The Department of Family and Protective Services (“the Department”) filed its original petition for conservatorship of three children, A.R.C., R.R.C., and Z.L.C., and for termination of their parents' parental rights on May 26, 2016. Subsequent DNA testing excluded Appellant as the father of A.R.C. and Z.L.C. Thus, it was determined that Appellant was the biological father of only R.R.C., who was four years old at the time of trial.
The termination hearing commenced on May 4, 2017. Appellant was not present, and his attorney's announcement of “not ready” was overruled by the trial court. The State first called the Department caseworker, Miguelina Wooten. Wooten testified that in January 2016, L.V., the mother of the children at issue, delivered a baby who tested positive for methadone. Mother admitted to the use of heroin and methadone during her pregnancy with Z.L.C. The children were placed on a “safety plan” and the Department did not seek removal of the children until May 2016 when allegations of physical abuse, sexual abuse, and neglectful supervision by the parents surfaced.
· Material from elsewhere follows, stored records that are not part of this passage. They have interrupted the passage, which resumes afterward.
(* Let $\mathcal E$ be any partition of $E^1$ into nonempty parts. Then $$\sum_{\{U,W\}\in\mathsf P_2}\operatorname{sgn}_{\mathcal E}\prod_{i=1}^{|\mathcal E|}\chi^{\mathsf u_i,\mathsf v_i}=(-1)^{1-|\mathcal E|}(-\Psi)^{|\mathcal E|-N}\sum_{D\in\mathcal D^0|_{\mathcal E}}(-2)^{c_2^2(D)-1}\prod_{(a,b)\text{ chord of }D}\chi^{a,b}.$$
   Context: Graph polynomials. All graphs are finite, may have multiple edges and self-loops, and each edge $e$ has a fixed direction from $\partial_-(e)$ to $\partial_+(e)$. Each edge $e$ carries a variable $\alpha_e$; for $S\subseteq E_G$ put $\alpha_S=\prod_{e\in S}\alpha_e$. $h_1(G)$ is the first Betti number. The Kirchhoff polynomial of a connected graph is $\Psi_G=\sum_T\alpha_{E_G\setminus T}$, summed over spanning trees $T$; for a disconnected graph it is the product over its components. $G/\!\!/S$ denotes contraction of all edges of $S$. A simple cycle $C$ is a connected subgraph in which every vertex has degree $2$; fix one of its two cyclic orientations and set $o_C(e)=+1$ if $e\in C$ is directed along it, $-1$ if against it, and $0$ if $e\notin C$. For $e,f\in E_G$ the cycle polynomial is $\chi_G^{e,f}=\sum_C o_C(e)o_C(f)\Psi_{G/\!\!/C}$, summed over all simple cycles $C$. For words $\mathsf u=u_1\cdots u_k$ and $\mathsf v=v_1\cdots v_k$ whose letters are edges of $G$, with $1\le k\le h_1(G)$, the Dodgson cycle polynomial is $\chi_G^{\mathsf u,\mathsf v}=\Psi_G^{1-k}\sum_{\sigma\in S_k}\operatorname{sgn}(\sigma)\prod_{i=1}^k\chi_G^{u_i,v_{\sigma(i)}}=\Psi_G^{1-k}\det(\chi_G^{u_i,v_j})_{i,j}$. Chord diagrams. Let $\Gamma$ be a connected graph with $N:=h_1(\Gamma)\ge1$, and write $\Psi=\Psi_\Gamma$, $\chi^{e,f}=\chi_\Gamma^{e,f}$, $\chi^{\mathsf u,\mathsf v}=\chi_\Gamma^{\mathsf u,\mathsf v}$. Let $D_0$ be a chord diagram without chords: a disjoint union of $\ell\ge1$ cycles (base cycles) of lengths $2n_1,\dots,2n_\ell$, with $n_i\ge1$ and $\sum n_i=N$. A base cycle of length $2$ consists of two parallel edges. Its edges (base edges) are coloured $1$ and $2$ alternately along each base cycle, so every vertex meets exactly one base edge of each colour. Its $2N$ vertices are labelled by pairwise distinct edges of $\Gamma$; $e_w$ denotes the label of vertex $w$. Let $E^1$ and $E^2$ be the sets of base edges of colour $1$ and $2$; each is a perfect matching of $V(D_0)$. A chord is an extra edge (colour $0$) joining two distinct vertices. $\mathcal D^0$ is the set of diagrams obtained from $D_0$ by adding $N$ chords forming a perfect matching of $V(D_0)$. For $D\in\mathcal D^0$, $c_2^2(D)$ is the number of connected components that are cycles in the subgraph formed by all chords and all colour-$2$ base edges (a chord parallel to a colour-$2$ base edge counts as a cycle of length $2$). For a chord $(a,b)$ write $\chi^{a,b}:=\chi^{e_a,e_b}$. Words. $\mathsf P_2$ is the set of unordered pairs $\{U,W\}$ of disjoint sets with $U\cup W=V(D_0)$ and $|U|=|W|=N$, such that every colour-$2$ base edge has one endpoint in $U$ and one in $W$. Fix an enumeration $(a_1,b_1),\dots,(a_N,b_N)$ of $E^2$. The representative of $\{U,W\}$ is the pair of words $(\mathsf u_{\rm id},\mathsf v_{\rm id})$ of length $N$ whose $k$-th letters are $e_{a_k}$ and $e_{b_k}$: the letter whose vertex lies in $U$ goes into $\mathsf u_{\rm id}$ and the other into $\mathsf v_{\rm id}$. Partitions. Let $\mathcal E=\{E_1,\dots,E_m\}$ be a partition of $E^1$ into $m=|\mathcal E|$ nonempty parts, listed in any order, and let $V_i$ be the set of endpoints of edges of $E_i$. For $\{U,W\}\in\mathsf P_2$ with representative $(\mathsf u_{\rm id},\mathsf v_{\rm id})$, let $\mathsf u_i$ (resp. $\mathsf v_i$) be the subword of $\mathsf u_{\rm id}$ (resp. $\mathsf v_{\rm id}$) consisting of the letters $e_w$ with $w\in V_i$, in their original order. - If $|\mathsf u_i|=|\mathsf v_i|$ for all $i$, set $\operatorname{sgn}_{\mathcal E}=\operatorname{sgn}(\sigma)\operatorname{sgn}(\sigma')$, where $\sigma,\sigma'\in S_N$ are the permutations of letter positions with $\mathsf u_1\cdots\mathsf u_m=\sigma(\mathsf u_{\rm id})$ and $\mathsf v_1\cdots\mathsf v_m=\sigma'(\mathsf v_{\rm id})$. - Otherwise set $\operatorname{sgn}_{\mathcal E}=0$, and the corresponding summand is $0$. $\mathcal D^0|_{\mathcal E}$ is the set of $D\in\mathcal D^0$ all of whose chords join two vertices lying in the same $V_i$. *)

From HB Require Import structures.
From mathcomp Require Import all_boot all_order all_algebra all_fingroup.
Set Implicit Arguments. Unset Strict Implicit. Unset Printing Implicit Defensive.
Import GRing.Theory.
Local Open Scope ring_scope.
As to Appellant, Wooten testified that he received and signed the family service plan prepared by the Department and that he was currently not in compliance with his court-ordered service plan. She elaborated that he completed “a couple of things on his service plan, but he stopped services” around the Christmas holidays. Wooten specified that Appellant failed to provide proof of employment, did not complete a psychological evaluation, and did not start therapy. Appellant had not maintained significant contact with R.R.C., last visiting her in February 2016. According to Wooten, he had not provided emotional or financial support for the child. All three children were living in a foster-adopt home at the time of trial.
In closing, counsel for the Department argued that it was in the child's best interest that parental rights be terminated. She stated that Appellant “did a little bit and kind of stopped in February. Significant drug issues, criminal activity. ․ Didn't work any type of plan.” She asked that the child be kept with her current foster family, who planned to adopt all three children. At the conclusion of the bench trial, the trial court found that Appellant's parental rights to R.R.C. should be terminated pursuant to Texas Family Code section 161.001(b)(1)(N) and (O), and that termination of the parent-child relationship was in the best interest of the child. See TEX. FAM. CODE ANN. §§ 161.001(b)(1)(N), (O); 161.001(b)(2) (West Supp. 2016). Appellant was the only party to appeal the termination order.
STANDARD OF REVIEW
To terminate parental rights pursuant to section 161.001, the Department has the burden to prove: (1) one of the predicate grounds in subsection 161.001(b)(1); and (2) that termination is in the best interest of the child. See id. § 161.001; In re A.V., 113 S.W.3d 355, 362 (Tex. 2003). The applicable burden of proof is the clear and convincing standard. TEX. FAM. CODE ANN. § 161.206(a) (West 2014); In re J.F.C., 96 S.W.3d 256, 263 (Tex. 2002). “ ‘Clear and convincing evidence’ means the measure or degree of proof that will produce in the mind of the trier of fact a firm belief or conviction as to the truth of the allegations sought to be established.” TEX. FAM. CODE ANN. § 101.007 (West 2014).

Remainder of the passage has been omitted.